-- What the task requires --
Look below for the line that contains "Implicit Types (G", then copy it and each following line exactly, through and including the line that contains "Lemma closed_vcomp G".

Collected data:
Section ComponentGraph.
Variable n : nat.
Implicit Types (G H : {set {set 'I_n}}) (K L e f : {set 'I_n}) (x y : 'I_n).

Lemma gadj_sym G : symmetric (gadj G).
Proof. by move=> x y; rewrite /gadj eq_sym setUC. Qed.

Lemma connect_sym_gadj G : connect_sym (gadj G).
Proof. exact/sym_connect_sym/gadj_sym. Qed.

Lemma closed_vcomp G x : closed (gadj G) (vcomp G x).
Proof. by move=> y z /(connect_closed (connect_sym_gadj G) x); rewrite !inE. Qed.

Lemma closed_compE G e : closed (gadj G) (compE G e).
Proof.
apply: (intro_closed (connect_sym_gadj G)) => y z yz; rewrite !inE.
case/exists_inP => x xe xy; apply/exists_inP; exists x => //.
exact: connect_trans xy (connect1 yz).
Qed.

Lemma sub_compE G e : e \subset compE G e.
Proof. by apply/subsetP => x xe; rewrite inE; apply/exists_inP; exists x. Qed.

Lemma compE_sub G K e : closed (gadj G) K -> e \subset K -> compE G e \subset K.
Proof.
move=> clK eK; apply/subsetP => y; rewrite inE => /exists_inP [x xe xy].
by rewrite -(closed_connect clK xy) (subsetP eK).
Qed.

Lemma closed_subgraph G H K : G \subset H -> closed (gadj H) K -> closed (gadj G) K.
Proof. by move=> GH clK x y /andP [xy xyG]; apply: clK; rewrite /gadj xy (subsetP GH). Qed.

Lemma closedD G K L : closed (gadj G) K -> closed (gadj G) L -> closed (gadj G) (K :\: L).
Proof. by move=> clK clL x y xy; rewrite !inE (clK _ _ xy) (clL _ _ xy). Qed.

Lemma leq_card_within_closed G K L : closed (gadj G) L -> {in G, forall f, #|f| = 2} ->
  #|within K G| <= #|within L G| + #|within (K :\: L) G|.
Proof.
move=> clL G2; apply: leq_trans (leq_card_setU _ _); apply: subset_leq_card.
apply/subsetP => f; rewrite !inE => /andP [fG fK]; rewrite fG /=.
have /eqP/cards2P [x [y [xy def_f]]] := G2 f fG.
have {}xy : gadj G x y by rewrite /gadj xy -def_f.
move: fK; rewrite def_f !subUset !sub1set !inE (clL _ _ xy) => /andP [-> ->].
by case: (y \in L).
Qed.

End ComponentGraph.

-- Your response --
Implicit Types (G H : {set {set 'I_n}}) (K L e f : {set 'I_n}) (x y : 'I_n).

Lemma gadj_sym G : symmetric (gadj G).
Proof. by move=> x y; rewrite /gadj eq_sym setUC. Qed.

Lemma connect_sym_gadj G : connect_sym (gadj G).
Proof. exact/sym_connect_sym/gadj_sym. Qed.

Lemma closed_vcomp G x : closed (gadj G) (vcomp G x).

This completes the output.